Hello Ian,

Le 20/02/14 20:40, Ian Ozsvald a écrit :
Hi Armin. The point of the question was not to remove numpy but to
understand the behaviour :-) I've already done a set of benchmarks
with lists and with numpy, I've copied the results below. I'm using
the same Julia code throughout (there's a note about the code below).
PyPy on lists is indeed very compelling.

One observation I've made of beginners (and I did the same) is that
iterating over numpy arrays seems natural until you learn it is
horribly slow. The you learn to vectorise. Some of the current tools
handle the non-vectorised case really well and that's something I want
to mention.

For Julia I've used lists and numpy. Using a numpy list rather than an
`array` makes sense as arrays won't hold a complex type (and messing
with decomposing the complex elements into two arrays gets even
sillier) and the example is still trivial for a reader to understand.
numpy arrays (and Python arrays) are good because they use much less
RAM than big lists. The reason why my example code above made lists
and then turned them into numpy arrays...that's because I was lazy and
hadn't finished tidying this demo (my bad!).

I agree that your code looks rather sensible (at least, to people who haven't internalised yet all the "stupid" implementation details concerning arrays, lists, iteration and vectorisation). So it's a bit of a shame that PyPy doesn't do better.

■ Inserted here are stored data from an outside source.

Definition Dop (k : nat) (F : Theta -> C) : Theta -> C :=
  fun phi => if k is k'.+1 then
     (if #|dom phi| == k' then
        \sum_(t : Theta | (#|dom t| == k) && subf phi t) F t else 0)
     else 0.

Definition Dstar (k : nat) (F : Theta -> C) : Theta -> C :=
  fun theta => if #|dom theta| == k then
     \sum_(phi : Theta | (#|dom phi| == k.-1) && subf phi theta) F phi else 0.

Definition cprime (c : 'I_m.+1 -> int) : 'I_m.+1 -> int :=
  fun i => if i == ord0 then c i - 1 else c i.

(* P_{k+d, c, k}, by recursion on d = h - k *)
Fixpoint Phck (d k : nat) (c : 'I_m.+1 -> int) : (Theta -> C) -> Prop :=
  match d with
  | 0 => fun F => Pkc k c F /\ (forall t, Dop k F t = 0)
  | d'.+1 => fun G => exists F, Phck d' k (cprime c) F /\
                                (forall t, G t = Dstar (k + d'.+1) F t)
  end.

Definition Phk (h : nat) (c : 'I_m.+1 -> int) (k : nat) := Phck (h - k) k c.

End Spaces.

Definition ip (h : nat) (F G : Theta -> C) : C :=
  \sum_(t : Theta | #|dom t| == h) F t * Num.conj (G t).

Definition ell (m : nat) (c : 'I_m.+1 -> nat) : nat :=
  (\sum_(i < m.+1 | i != ord0) c i)%N.

End Defs.

(* On P_{k,c} the lowering and raising operators satisfy the commutation
   relation D_{k+1} D*_{k+1} = D*_k D_k + ((n-k)|Y| - |Y| c_0) Id: the two
   products differ only by the term resampling one defined coordinate, and
   resampling a coordinate of a fundamental function sums its factor over Y,
   which kills a factor in W_i (i > 0) and multiplies a factor in W_0 (a
   constant, by irreducibility) by |Y|. Since D* maps P_{k,c} into
   P_{k+1,c+e_0}, it follows that for F0 in the kernel of D, D applied to
   D*^(r+1) F0 is a multiple of D*^r F0. For k1 < k2, write F = D*^(h-k1) F0
   and G = D*^(h-k2) G0 and move the raising operators of G across the inner
   product as lowering operators on F: this leaves a multiple of
   <D*^(k2-k1) F0, G0> = <D*^(k2-k1-1) F0, D G0> = 0. *)

From Pilot Require Import Defs.
From mathcomp Require Import all_boot all_order all_algebra.
From mathcomp Require Import ring zify.
Import Order.TTheory GRing.Theory Num.Theory.
Local Open Scope ring_scope.
Set Implicit Arguments. Unset Strict Implicit. Unset Printing Implicit Defensive.

Section PartialFunctions.
Variables (Y : finType) (n : nat).
Local Notation Th := (Theta Y n).

Definition upd (t : Th) (x : 'I_n) (v : option Y) : Th :=
  [ffun j => if j == x then v else t j].

Lemma in_dom (t : Th) x : (x \in dom t) = (t x != None).
Proof. by rewrite inE. Qed.

Lemma dom_updS (t : Th) x y : dom (upd t x (Some y)) = x |: dom t.
Proof. by apply/setP=> j; rewrite !inE ffunE; case: (j == x). Qed.

Lemma dom_updS_in (t : Th) x y : x \in dom t -> dom (upd t x (Some y)) = dom t.
Proof. by move=> xt; rewrite dom_updS; apply/setUidPr; rewrite sub1set. Qed.

Lemma dom_updN (t : Th) x : dom (upd t x None) = dom t :\ x.
Proof. by apply/setP=> j; rewrite !inE ffunE; case: (j == x). Qed.

Lemma upd_upd (t : Th) x v w : upd (upd t x v) x w = upd t x w.
Proof. by apply/ffunP=> i; rewrite !ffunE; case: (i == x). Qed.

Lemma updC (t : Th) x z v w : x != z -> upd (upd t x v) z w = upd (upd t z w) x v.
Proof.
move=> xz; apply/ffunP=> i; rewrite !ffunE.
by case: (i =P z) => [->|//]; rewrite eq_sym (negbTE xz).
Qed.

Lemma upd_notin (t : Th) x : x \notin dom t -> upd t x None = t.
Proof.
rewrite in_dom negbK => /eqP tx.
by apply/ffunP=> i; rewrite ffunE; case: (i =P x) => // ->.
Qed.

Lemma subf_dom (p t : Th) : subf p t -> dom p \subset dom t.
Proof.
move=> /forallP spt; apply/subsetP=> j; rewrite !inE => pj.
by have := spt j; rewrite pj => /eqP ->.
Qed.

Lemma subfP (p t : Th) j : subf p t -> j \in dom p -> t j = p j.
Proof. by rewrite in_dom => /forallP /(_ j) spt pj; apply/eqP; rewrite pj in spt. Qed.

Lemma subf_updS (t : Th) x y : x \notin dom t -> subf t (upd t x (Some y)).
Proof.
move=> xt; apply/forallP=> i; apply/implyP; rewrite -in_dom ffunE => it.
by case: (i =P x) => // ix; rewrite -ix it in xt.
Qed.

Lemma subf_updN (t : Th) x : subf (upd t x None) t.
Proof.
by apply/forallP=> i; rewrite ffunE; case: (i == x) => //=; rewrite eqxx implybT.
Qed.

Lemma subf_succ (p t : Th) : subf p t -> #|dom t| = #|dom p|.+1 ->
  exists2 x, dom t :\: dom p = [set x] & forall i, i != x -> t i = p i.
Proof.
move=> spt ct; have sdpt := subf_dom spt.
have /cards1P[x dx] : #|dom t :\: dom p| == 1%N.
  by rewrite cardsD (setIidPr sdpt) ct subSnn.
exists x => // i ix; case: (boolP (i \in dom p)) => [ip|ip]; first exact: subfP.
have : i \notin dom t :\: dom p by rewrite dx inE.
by rewrite inE ip /= in_dom negbK => /eqP ->; move: ip; rewrite in_dom negbK => /eqP ->.
Qed.

Definition new_point (p t : Th) : option 'I_n := [pick x in dom t :\: dom p].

I don't mind that my use of numpy is silly, I'm just curious to
understand why pypynumpy diverges from the results of the other
compiler technologies. The simple answer might be 'because pypynumpy
is young' and that'd be fine - at least I'd have an answer if someone
asks the question in my talk. If someone has more details, that'd be
really interesting too. Is there a fundamental reason why pypynumpy
couldn't do the example as fast as cython/numba/pythran?

To answer such questions, the best way is to use the jitviewer (https://bitbucket.org/pypy/jitviewer ). Looking at the trace for the inner loop, I can see every operation on a scalar triggers a dict lookup to obtain its dtype. This looks like self-inflicted pain coming the broken objspace abstraction rather than anything fundamental. Fixing that should improve speed by about an order of magnitude.